Все члены экипажа находились на своих боевых постах. Лейтенант Манечкин — в рубке. Так предписывало боевое расписание. Да и ответ ждал на свою радиограмму. С нетерпением ждал, хотя знал, был уверен, что в нем только и будет сказано: «Принимаем меры спасению катера».

Принимаем меры… Что предпримешь для спасения бронекатера, если плавающих единиц сейчас в бригаде кот наплакал? Хочешь или не хочешь, а невольно вспоминается, что позавчера два бронекатера, продираясь через скопление сала, перегрели моторы, даже заклинили их…

Ответ на радиограмму, ответ за подписью командира бригады пришел неожиданно быстро и гласил: «Личному составу разрешаю на день перейти на берег, укрыться в блиндажах пехоты».

Сам контр-адмирал подписал эту шифровку…

Что ж, все понятно: чтобы спасти хотя бы личный состав, адмирал разрешает покинуть бронекатер. Пожалуй, правильное решение: наша промышленность сейчас темп уже набрала, она тебе какую угодно технику мигом сварганит, а вот солдата стоящего… Только он, лейтенант Манечкин, с катера не уйдет! И не потому, что намерен, начитавшись романов, погибнуть вместе со своим кораблем.
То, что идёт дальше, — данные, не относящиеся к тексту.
(* Let $E$ be a Banach space, $\Omega\subset\mathbb{R}^d$ open, $k\in\mathbb{N}_0$ and $0<\gamma\le1$. Let $(f_\iota)_{\iota\in I}$ be a bounded net in $\mathcal{C}^{k,\gamma}_{loc}(\Omega,E)$, and suppose either (i) $\lim_\iota f_\iota(x)$ exists for all $x$ in a dense subset $U\subset\Omega$, or (ii) $k\ge1$, $\Omega$ is connected, $\lim_\iota(\partial^{e_n})^Ef_\iota(x)$ exists for all $1\le n\le d$ and all $x$ in a dense subset $U\subset\Omega$, and there is $x_0\in\Omega$ such that $\lim_\iota f_\iota(x_0)$ exists. Then there is $f\in\mathcal{C}^{k,\gamma}_{loc}(\Omega,E)$ such that $(f_\iota)_{\iota\in I}$ converges to $f$ in $(\mathcal{C}^k(\Omega,E),\tau_{\mathcal{C}^k})$.
   Context: $E$ is a Banach space over $\mathbb{K}\in\{\mathbb{R},\mathbb{C}\}$ with norm $\|\cdot\|$. $\mathcal{C}^{k,\gamma}_{loc}(\Omega,E)$ is the space of $k$-times continuously partially differentiable $f\colon\Omega\to E$ such that for each compact $K\subset\Omega$ the seminorm $|f|_K:=\max\bigl(\sup_{x\in K,|\beta|\le k}\|(\partial^\beta)^Ef(x)\|,\ \sup_{|\beta|=k}\sup_{x\ne y\in K}\frac{\|(\partial^\beta)^Ef(x)-(\partial^\beta)^Ef(y)\|}{|x-y|^\gamma}\bigr)$ is finite; a net is bounded if $\sup_\iota|f_\iota|_K<\infty$ for every compact $K$. $\tau_{\mathcal{C}^k}$ is the topology of uniform convergence of all partial derivatives of order $\le k$ on compact subsets of $\Omega$ (seminorms $\sup_{x\in K,|\beta|\le m}\|(\partial^\beta)^Ef(x)\|$, $K$ compact, $m\le k$). *)

From Stdlib Require Import Reals Lra List Classical ClassicalEpsilon.
Open Scope R_scope.

Record Banach := MkBanach {
  bcar :> Type;
  bzero : bcar;
  badd : bcar -> bcar -> bcar;
  bopp : bcar -> bcar;
  bscal : R -> bcar -> bcar;
  bnorm : bcar -> R;
  baddA : forall x y z, badd x (badd y z) = badd (badd x y) z;
  baddC : forall x y, badd x y = badd y x;
  badd0 : forall x, badd x bzero = x;
  baddN : forall x, badd x (bopp x) = bzero;
  bscalA : forall a b x, bscal a (bscal b x) = bscal (a * b) x;
  bscal1 : forall x, bscal 1 x = x;
  bscalDr : forall a x y, bscal a (badd x y) = badd (bscal a x) (bscal a y);
  bscalDl : forall a b x, bscal (a + b) x = badd (bscal a x) (bscal b x);
  bnorm_eq0 : forall x, bnorm x = 0 -> x = bzero;
  bnorm_scal : forall a x, bnorm (bscal a x) = Rabs a * bnorm x;
  bnorm_tri : forall x y, bnorm (badd x y) <= bnorm x + bnorm y;
  bcomplete : forall u : nat -> bcar,
    (forall eps, eps > 0 -> exists N, forall m n, (N <= m)%nat -> (N <= n)%nat ->
        bnorm (badd (u m) (bopp (u n))) < eps) ->
    exists L, forall eps, eps > 0 -> exists N, forall n, (N <= n)%nat ->
        bnorm (badd (u n) (bopp L)) < eps
}.

Definition bsub (E : Banach) (x y : E) : E := badd E x (bopp E y).

(* ---------- R^d : points are nat -> R vanishing at coordinates >= d ---------- *)
Definition inRd (d : nat) (x : nat -> R) : Prop := forall i, (d <= i)%nat -> x i = 0.

Fixpoint sumsq (d : nat) (x : nat -> R) : R :=
  match d with O => 0 | S d' => sumsq d' x + x d' * x d' end.

Definition dist (d : nat) (x y : nat -> R) : R := sqrt (sumsq d (fun i => x i - y i)).

Definition openRd (d : nat) (O : (nat -> R) -> Prop) : Prop :=
  forall x, O x -> inRd d x /\
    exists r, r > 0 /\ forall y, inRd d y -> dist d x y < r -> O y.

Definition compactRd (d : nat) (K : (nat -> R) -> Prop) : Prop :=
  (forall x, K x -> inRd d x) /\
  forall (J : Type) (O : J -> (nat -> R) -> Prop),
    (forall j, openRd d (O j)) -> (forall x, K x -> exists j, O j x) ->
    exists l : list J, forall x, K x -> exists j, In j l /\ O j x.

Definition compact_in (d : nat) (Om K : (nat -> R) -> Prop) : Prop :=
  compactRd d K /\ forall x, K x -> Om x.

Definition connectedRd (d : nat) (Om : (nat -> R) -> Prop) : Prop :=
  forall A B : (nat -> R) -> Prop, openRd d A -> openRd d B ->
    (forall x, Om x -> A x \/ B x) ->
    (forall x, Om x -> A x -> B x -> False) ->
    (exists x, Om x /\ A x) -> (exists x, Om x /\ B x) -> False.

Definition dense_in (d : nat) (Om U : (nat -> R) -> Prop) : Prop :=
  (forall x, U x -> Om x) /\
  forall x, Om x -> forall r, r > 0 -> exists u, U u /\ dist d x u < r.

Definition shift (n : nat) (t : R) (x : nat -> R) : nat -> R :=
  fun i => if Nat.eqb i n then x i + t else x i.

Definition is_pderiv (E : Banach) (n : nat) (g : (nat -> R) -> E) (x : nat -> R) (v : E) : Prop :=
  forall eps, eps > 0 -> exists delta, delta > 0 /\ forall t, t <> 0 -> Rabs t < delta ->
    bnorm E (bsub E (bscal E (/ t) (bsub E (g (shift n t x)) (g x))) v) < eps.

(* the partial derivative (a junk value where it does not exist) *)
Definition pd (E : Banach) (n : nat) (g : (nat -> R) -> E) : (nat -> R) -> E :=
  fun x => epsilon (inhabits (bzero E)) (is_pderiv E n g x).

Fixpoint iterd (E : Banach) (l : list nat) (g : (nat -> R) -> E) : (nat -> R) -> E :=
  match l with nil => g | n :: l' => pd E n (iterd E l' g) end.

(* multi-index beta (only its first d entries matter) *)
Fixpoint mlist (beta : nat -> nat) (d : nat) : list nat :=
  match d with O => nil | S d' => mlist beta d' ++ repeat d' (beta d') end.

Fixpoint morder (beta : nat -> nat) (d : nat) : nat :=
  match d with O => O | S d' => (morder beta d' + beta d')%nat end.

Definition dpart (E : Banach) (d : nat) (beta : nat -> nat) (g : (nat -> R) -> E) :=
  iterd E (mlist beta d) g.

Definition contOn (E : Banach) (d : nat) (Om : (nat -> R) -> Prop) (g : (nat -> R) -> E) : Prop :=
  forall x, Om x -> forall eps, eps > 0 -> exists delta, delta > 0 /\
    forall y, Om y -> dist d x y < delta -> bnorm E (bsub E (g y) (g x)) < eps.

Definition Ck (E : Banach) (d : nat) (Om : (nat -> R) -> Prop) (k : nat) (g : (nat -> R) -> E) : Prop :=
  (forall l : list nat, Forall (fun n => (n < d)%nat) l -> (length l < k)%nat ->
     forall n, (n < d)%nat -> forall x, Om x -> exists v, is_pderiv E n (iterd E l g) x v) /\
  (forall l : list nat, Forall (fun n => (n < d)%nat) l -> (length l <= k)%nat ->
     contOn E d Om (iterd E l g)).

(* |g|_K <= M  (the C^{k,gamma} seminorm on K is bounded by M) *)
Definition holder_bound (E : Banach) (d k : nat) (gamma : R) (K : (nat -> R) -> Prop)
    (g : (nat -> R) -> E) (M : R) : Prop :=
  (forall beta x, (morder beta d <= k)%nat -> K x -> bnorm E (dpart E d beta g x) <= M) /\
  (forall beta x y, morder beta d = k -> K x -> K y -> x <> y ->
     bnorm E (bsub E (dpart E d beta g x) (dpart E d beta g y)) / Rpower (dist d x y) gamma <= M).

Definition Ckg_loc (E : Banach) (d : nat) (Om : (nat -> R) -> Prop) (k : nat) (gamma : R)
    (g : (nat -> R) -> E) : Prop :=
  Ck E d Om k g /\
  forall K, compact_in d Om K -> exists M, holder_bound E d k gamma K g M.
Если быть откровенным, все проще, жизненнее во много раз: истории известны факты, когда корабль, покинутый командой без должных на то оснований, случалось, жил еще часы и даже сутки, тонул лишь потому, что в ничтожно малую пробоину, которую на покинутом людьми корабле некому было заделать, непрестанно поступала вода. С их бронекатером подобное никогда не случится!
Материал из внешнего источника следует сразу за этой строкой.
(* Let $A$ be a VPA. The languages $S_0=\sigma_0(D)$ and $S_1=\sigma_1(W\setminus\{\varepsilon\})$ are context-free.
   Context: VPA $A=(Q,\Sigma,\Gamma,\bot,q_0,\delta,F)$ over a pushdown alphabet $\Sigma=\Sigma_c\cup\Sigma_r\cup\Sigma_{\mathit{int}}$ (deterministic; call letters push a symbol of $\Gamma\setminus\{\bot\}$, internal letters change only the state, return letters pop the top symbol $\gamma\ne\bot$ and use it, or read $\bot$ without popping); configurations $\alpha q$, $\alpha\in\bot(\Gamma\setminus\{\bot\})^*$; $\delta(c,w)$ the configuration reached from $c$ on $w$; $\mathcal L(c)$ the set of words leading from $c$ to a state in $F$. Well-matched words $W$: smallest set containing $\varepsilon$ and $\Sigma_{\mathit{int}}$, closed under concatenation and under $w\mapsto awb$ ($a\in\Sigma_c$, $b\in\Sigma_r$). Descending words $D$: words factorizable into well-matched factors and return letters. $\varphi:W\to Q^Q$ is the homomorphism with $\delta(\alpha p,w)=\alpha\,\varphi(w)(p)$. $\mathrm{rConf}$: configurations reachable from $\bot q_0$; $\mathsf{rep}(c)$: length-lexicographically least (for fixed linear orders on $\Gamma,Q$) $c'\in\mathrm{rConf}$ with $\mathcal L(c')=\mathcal L(c)$; $\nu_A(w)=\mathsf{rep}(\delta(\bot q_0,w))$. For $w=a_1\cdots a_n\in D$ each suffix is descending and $\nu_A(a_i\cdots a_n)=\bot q_i$ for some $q_i\in Q$; $\sigma_0(w)=q_1\cdots q_n\in Q^*$; for nonempty $w\in W$, $\sigma_1(w)=\varphi(w)q_2\cdots q_n$, a word over the alphabet $Q\cup Q^Q$. *)

From mathcomp Require Import all_boot.
Set Implicit Arguments. Unset Strict Implicit. Unset Printing Implicit Defensive.

Record cfg (T : eqType) := CFG {
  nt : finType;
  start : nt;
  rules : seq (nt * seq (nt + T)%type) }.

Inductive derives (T : eqType) (g : cfg T) : seq (nt g + T)%type -> seq T -> Prop :=
| der_nil : @derives T g [::] [::]
| der_t (t : T) s w : @derives T g s w -> @derives T g (inr t :: s) (t :: w)
| der_nt (X : nt g) rhs s u w :
    (X, rhs) \in rules g -> @derives T g rhs u -> @derives T g s w ->
    @derives T g (inl X :: s) (u ++ w).

Definition generates (T : eqType) (g : cfg T) (w : seq T) : Prop :=
  @derives T g [:: inl (start g)] w.

Definition context_free (T : eqType) (L : seq T -> Prop) : Prop :=
  exists g : cfg T, forall w, L w <-> generates g w.

Inductive letter_kind := Call | Ret | Int.

Inductive WM (Sigma : Type) (kind : Sigma -> letter_kind) : seq Sigma -> Prop :=
| WM_nil : @WM Sigma kind [::]
| WM_int a : kind a = Int -> @WM Sigma kind [:: a]
| WM_cat u v : @WM Sigma kind u -> @WM Sigma kind v -> @WM Sigma kind (u ++ v)
| WM_nest a u b : kind a = Call -> kind b = Ret -> @WM Sigma kind u ->
    @WM Sigma kind (a :: rcons u b).

Inductive Desc (Sigma : Type) (kind : Sigma -> letter_kind) : seq Sigma -> Prop :=
| D_nil : @Desc Sigma kind [::]
| D_wm u v : @WM Sigma kind u -> @Desc Sigma kind v -> @Desc Sigma kind (u ++ v)
| D_ret b v : kind b = Ret -> @Desc Sigma kind v -> @Desc Sigma kind (b :: v).

(* ---------- Deterministic VPA ----------
   Stack alphabet Gamma = {bot} + G; G is Gamma \ {bot}.  A configuration
   alpha q with alpha = bot g_1 ... g_k is represented by ([:: g_1; ...; g_k], q)
   (top of stack = last element).  Transition functions are total on all
   letters, only the one matching the kind of the letter is used. *)
Record vpa (Sigma : finType) (kind : Sigma -> letter_kind) := VPA {
  Q : finType;
  G : finType;
  q0 : Q;
  final : {set Q};
  dcall : Q -> Sigma -> Q * G;
  dint  : Q -> Sigma -> Q;
  dret  : Q -> Sigma -> option G -> Q   (* return: top symbol, None = bot (not popped) *)
}.

Section VPA.
Variables (Sigma : finType) (kind : Sigma -> letter_kind) (A : vpa kind).

Definition config := (seq (G A) * Q A)%type.

Definition step (c : config) (a : Sigma) : config :=
  match kind a with
  | Call => let: (q', g) := dcall c.2 a in (rcons c.1 g, q')
  | Int => (c.1, dint c.2 a)
  | Ret => match rev c.1 with
           | [::] => (c.1, dret c.2 a None)
           | g :: r => (rev r, dret c.2 a (Some g))
           end
  end.

Definition delta (c : config) (w : seq Sigma) : config := foldl step c w.

Definition init : config := ([::], q0 A).

Definition lang (c : config) (w : seq Sigma) : Prop := (delta c w).2 \in final A.

Definition same_lang (c c' : config) : Prop := forall w, lang c w <-> lang c' w.

Definition reachable (c : config) : Prop := exists w, delta init w = c.

Definition phi (w : seq Sigma) : {ffun Q A -> Q A} :=
  [ffun p => (delta ([::], p) w).2].

(* Length-lexicographic order on configurations (as words bot alpha q over
   Gamma u Q), for linear orders on G and Q given by injective ranks. *)
Variables (rkG : G A -> nat) (rkQ : Q A -> nat).

Fixpoint lex_le (s t : seq nat) : bool :=
  match s, t with
  | [::], _ => true
  | _ :: _, [::] => false
  | x :: s', y :: t' => (x < y) || ((x == y) && lex_le s' t')
  end.

Definition enc (c : config) : seq nat := rcons (map rkG c.1) (rkQ c.2).

Definition llex_le (c c' : config) : bool :=
  (size c.1 < size c'.1) || ((size c.1 == size c'.1) && lex_le (enc c) (enc c')).

Definition is_rep (c r : config) : Prop :=
  [/\ reachable r, same_lang r c &
      forall r', reachable r' -> same_lang r' c -> llex_le r r'].

Definition is_sigma0 (w : seq Sigma) (s : seq (Q A)) : Prop :=
  size s = size w /\
  forall i, i < size w -> is_rep (delta init (drop i w)) ([::], nth (q0 A) s i).

Definition S0 (s : seq (Q A)) : Prop :=
  exists w, Desc kind w /\ is_sigma0 w s.

Definition S1 (t : seq (Q A + {ffun Q A -> Q A})%type) : Prop :=
  exists w s, [/\ WM kind w, w <> [::], is_sigma0 w s &
                  t = inr (phi w) :: map inl (behead s)].

End VPA.

From HB Require Import structures.
From Pilot Require Import Defs.
From mathcomp Require Import all_boot.
From Stdlib Require Import Classical ClassicalEpsilon.

Set Implicit Arguments.
Unset Strict Implicit.
Unset Printing Implicit Defensive.

(** Reading a descending word from the initial configuration, every suffix ends with an
    empty stack, and the length-lexicographic representative of an empty-stack configuration
    again has an empty stack.  Hence the i-th letter of sigma_0(w) only depends on the state
    transformation phi of the suffix starting at i, and for w = u v the letters at the
    positions of u only depend on u and on the right context C = phi(v) in Q^Q.  A grammar
    whose nonterminals are the finitely many triples (W or D, phi(u), C) can thus generate
    these contributions along the inductive definitions of W and D, because phi(u v) and
    phi(a u b) are determined by phi(u) and phi(v).  For sigma_1 the same nonterminals carry
    a flag that drops the first letter, and the start rule emits phi(w) in front. *)

Section Derivations.
Variables (T : eqType) (g : cfg T).
Local Notation derives := (@derives T g).

Lemma derives_cat s1 w1 s2 w2 :
  derives s1 w1 -> derives s2 w2 -> derives (s1 ++ s2) (w1 ++ w2).
Proof.
move=> d1 d2; elim: d1 => //= [t s w _ IH | X rhs s u w Xrhs d _ _ IH].
- exact: der_t.
- by rewrite -catA; apply: der_nt Xrhs d IH.
Qed.

Lemma derives_rule r u : r \in rules g -> derives r.2 u -> derives [:: inl r.1] u.
Proof.
by case: r => X rhs Xrhs d; rewrite -[u]cats0; apply: der_nt Xrhs d (der_nil g).
Qed.

Fixpoint yields (L : nt g -> seq T -> Prop) (s : seq (nt g + T)) (w : seq T) : Prop :=
  match s with
  | [::] => w = [::]
  | inr t :: s' => exists2 w', w = t :: w' & yields L s' w'
  | inl X :: s' => exists u w', [/\ w = u ++ w', L X u & yields L s' w']
  end.

Lemma derives_yields L s w :
  (forall r u, r \in rules g -> yields L r.2 u -> L r.1 u) ->
  derives s w -> yields L s w.
Proof.
move=> closedL; elim=> //= [t s' w' _ IH | X rhs s' u w' Xrhs _ IHrhs _ IH].
- by exists w'.
- by exists u, w'; split=> //; apply: closedL _ _ Xrhs IHrhs.
Qed.

End Derivations.

Lemma ex_minimizer (T : Type) (f : T -> nat) (P : T -> Prop) x :
  P x -> exists2 m, P m & forall y, P y -> f m <= f y.
Proof.
have [n lt_fx] := ubnP (f x); elim: n x lt_fx => // n IH x lt_fx Px.
have [[y Py lt_yx]|no_smaller] := classic (exists2 y, P y & f y < f x).
  exact: IH y (leq_trans lt_yx lt_fx) Py.
exists x => // y Py; rewrite leqNgt; apply/negP => lt_yx; apply: no_smaller.
by exists y.
Qed.

Lemma drop_cat_le (T : Type) n (s1 s2 : seq T) :
  n <= size s1 -> drop n (s1 ++ s2) = drop n s1 ++ s2.
Proof.
rewrite drop_cat leq_eqVlt => /orP[/eqP->|->] //.
by rewrite ltnn subnn drop0 drop_size.
Qed.

Section WordClasses.
Variables (Sigma : Type) (kind : Sigma -> letter_kind).
Local Notation WM := (WM kind).
Local Notation Desc := (Desc kind).

Lemma WM_Desc u : WM u -> Desc u.
Proof. by move=> wm_u; rewrite -[u]cats0; apply: D_wm wm_u (D_nil _). Qed.

Lemma Desc_cat u v : Desc u -> Desc v -> Desc (u ++ v).
Proof.
move=> du dv; elim: du => //= [u1 u2 wm_u1 _ IH | b u' ret_b _ IH].
- by rewrite -catA; apply: D_wm wm_u1 IH.
- exact: D_ret ret_b IH.
Qed.

Lemma Desc_ret b : kind b = Ret -> Desc [:: b].
Proof. by move=> ret_b; apply: D_ret ret_b (D_nil _). Qed.

Lemma WM_drop w i : WM w -> Desc (drop i w).
Proof.
move=> wm_w; elim: wm_w i => [|a int_a|u v _ IHu wm_v IHv|a u b call_a ret_b wm_u IHu] i.
- exact: D_nil.
- by case: i => [|[|i]]; [apply/WM_Desc/WM_int | apply: D_nil ..].
- by rewrite drop_cat; case: ifP => _; [apply: Desc_cat (IHu i) (WM_Desc wm_v) | apply: IHv].
- case: i => [|i] /=; first exact/WM_Desc/WM_nest.
  rewrite -cats1 drop_cat; case: ifP => _; first exact: Desc_cat (IHu i) (Desc_ret ret_b).
  by case: (i - size u) => [|j]; [apply: Desc_ret | apply: D_nil].
Qed.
А вот личный состав пусть уходит к солдатам на берег. Кто хочет, конечно. И он, лейтенант Манечкин, чтобы совесть у него была чиста, просто обязан собрать матросов и всем объявить решение адмирала.
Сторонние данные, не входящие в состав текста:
Lemma FD_upper_near (e : R) : 0 < e -> \forall q \near (M, t), FD D q < f + e.
Proof.
move=> e0; have [x0 Qx0] := QD_nonempty v0_sphere c_gt0 c_le1 cap_sub Xp.
set e1 := Num.min e (kappa - f).
have e1_gt0 : 0 < e1 by rewrite lt_min e0 subr_gt0.
have [e1_e e1_k] : e1 <= e /\ e1 <= kappa - f by split; rewrite ge_min lexx ?orbT.
have QM_ne : [set enorm (vcomp y) | y in QD D M t] !=set0 by exists (enorm (vcomp x0)), x0.
have f_lt : f < f + e1 by rewrite ltrDl.
have [_ [x Qx <-] x_lt] := inf_lt QM_ne f_lt.
have x_kappa : enorm (vcomp x) <= kappa by lra.
have x_slab := QD_slab Qx x_kappa.
have [[m mZ xE] _] := Qx.
have [rho rho0 ball_sub] : exists2 rho : R, 0 < rho & ball x rho `<=` slab kappa t D.
  case: (not_boundary_near (no_boundary (ex_intro2 _ _ m mZ xE) (QD_neq0 Qx))).
    by move/nbhs_ballP.
  by move/nbhs_singleton/(_ x_slab).
apply: near_point_entries; near=> r => -[M' t'] /= MM' tt'.
set x' := m *m M'.
have dx j : `|(x - x') 0 j| <= l1norm m * r.
  by rewrite -xE; apply: row_mulmx_perturb => i k; rewrite distrC; exact: MM'.
have z_ball : ball x rho (x' + uv_row (t' - t) 0).
  apply/ball_rowP; split => // j; apply: le_lt_trans (coord_dist_shift _ _ _ _) _.
  have : (l1norm m + 1) * r < rho by near: r; exact: near0_mulr_lt.
  by have := dx j; lra.
have Qx' : QD D M' t' x' by apply: (slab_QD (r := kappa)); [exists m | exact/slab_shift/ball_sub].
apply: le_lt_trans (FD_le Qx') _.
have : enorm (vcomp x') <= enorm (vcomp x) + d%:R * (l1norm m * r).
  have -> : vcomp x' = vcomp x - vcomp (x - x') by rewrite vcompB opprB addrC subrK.
  by apply: le_trans (enormD _ _) _; rewrite enormN lerD2l; exact: enorm_vcomp_le.
have : d%:R * (l1norm m * r) < f + e - enorm (vcomp x).
  by rewrite mulrA; near: r; apply: near0_mulr_lt; lra.
lra.
Unshelve. all: by end_near.
Qed.

Lemma FD_continuous_near (e : R) : 0 < e -> \forall q \near (M, t), `|FD D q - f| < e.
Proof.
move=> e0; have [K QK] := QD_near v0_sphere c_gt0 c_le1 cap_sub Xp.
have e2 : 0 < e / 2 by rewrite divr_gt0.
near=> q.
have up : FD D q < f + e by near: q; exact: FD_upper_near.
(* [FD D q] is an infimum, which is 0 on the empty set: the lower bound needs a
   point of [QD D q.1 q.2]. *)
have low : f - e / 2 <= FD D q.
  have [x Qx _] : exists2 x, QD D q.1 q.2 x & enorm (vcomp x) < K by near: q; exact: QK.
  have lowQ : forall y, QD D q.1 q.2 y -> f - e / 2 <= enorm (vcomp y).
    by near: q; exact: QD_norm_lower_near.
  by apply: lb_le_inf; [exists (enorm (vcomp x)), x | move=> _ [y Qy <-]; exact: lowQ].
by rewrite ltr_norml; apply/andP; split; lra.
Unshelve. all: by end_near.
Qed.

End Continuity.

Unset Implicit Arguments.

Theorem proposition7p1 (R : realType) (d : nat) (D : set 'rV[R]_d)
    (C : set ('M[R]_(d.+1) * R)) :
  (2 <= d)%N ->
  D `<=` @sphere R d ->
  nonempty_sphere_interior D ->
  qcompact C ->
  exists2 kappa : R, 0 < kappa &
    (forall p, C p -> FD D p < kappa) /\
    (forall p, C p ->
       (forall x, lattice p.1 x -> x != 0 ->
          ~ boundary (slab kappa p.2 D) x) ->
       qcontinuous_at (FD D) p).
Proof.
move=> _ D_sphere [v0 [Dv0 [e0 e0_gt0 cap]]] Cc.
set c := Num.min e0 1 / 2.
have c_gt0 : 0 < c by rewrite divr_gt0 // lt_min e0_gt0 ltr01.
have [min_e0 min_1] : Num.min e0 1 <= e0 /\ Num.min e0 1 <= 1.
  by split; rewrite ge_min lexx ?orbT.
have c_le1 : c <= 1 by rewrite /c; lra.
have cap_sub w : sphere w -> enorm (w - v0) < 2 * c -> D w.
  by move=> Sw wv0; apply: cap => //; rewrite /c in wv0; lra.
have v0_sphere := D_sphere _ Dv0.
have [kappa kappa_gt0 FD_lt] := FD_bounded_on_qcompact v0_sphere c_gt0 c_le1 cap_sub Cc.
exists kappa => //; split => // -[M t] Cp no_boundary.
have Xp := Cc.1.1 _ Cp.
apply: (qcontinuous_at_near Xp (FD_Gamma_invariant D)).
exact: (FD_continuous_near D_sphere Xp (FD_lt _ Cp) no_boundary v0_sphere c_gt0 c_le1 cap_sub).
Qed.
Собрать личный состав? Да не такое сейчас время, чтобы даже самое короткое собрание проводить! И он дает Ганюшкину шифровку, наказывает ознакомить с ней всех. Под расписку ознакомить.

— А Гулько я сам скажу, — заканчивает он.

— Что скажете, Игорь Анемподистович? Интересное? Меня касающееся? — моментально игриво откликается она.

Захотелось вскарабкаться к пулеметам, обнять Веру и сказать, что ему будет невероятно больно, если с ней что-нибудь случится, что она одна такая на всем огромном белом свете. Ограничился тем, что сухо пересказал ей содержание шифровки и спросил, как она, Вера, намерена поступить.

— С вами на катере останусь, — без малейших колебаний ответила она с легкой грустью. И добавила, предваряя его вопрос: — Или я вашего характера не знаю?

Все матросы, словно сговорившись, отказались покинуть бронекатер. Об этом просто, буднично и одновременно с гордостью доложил вернувшийся Ганюшкии.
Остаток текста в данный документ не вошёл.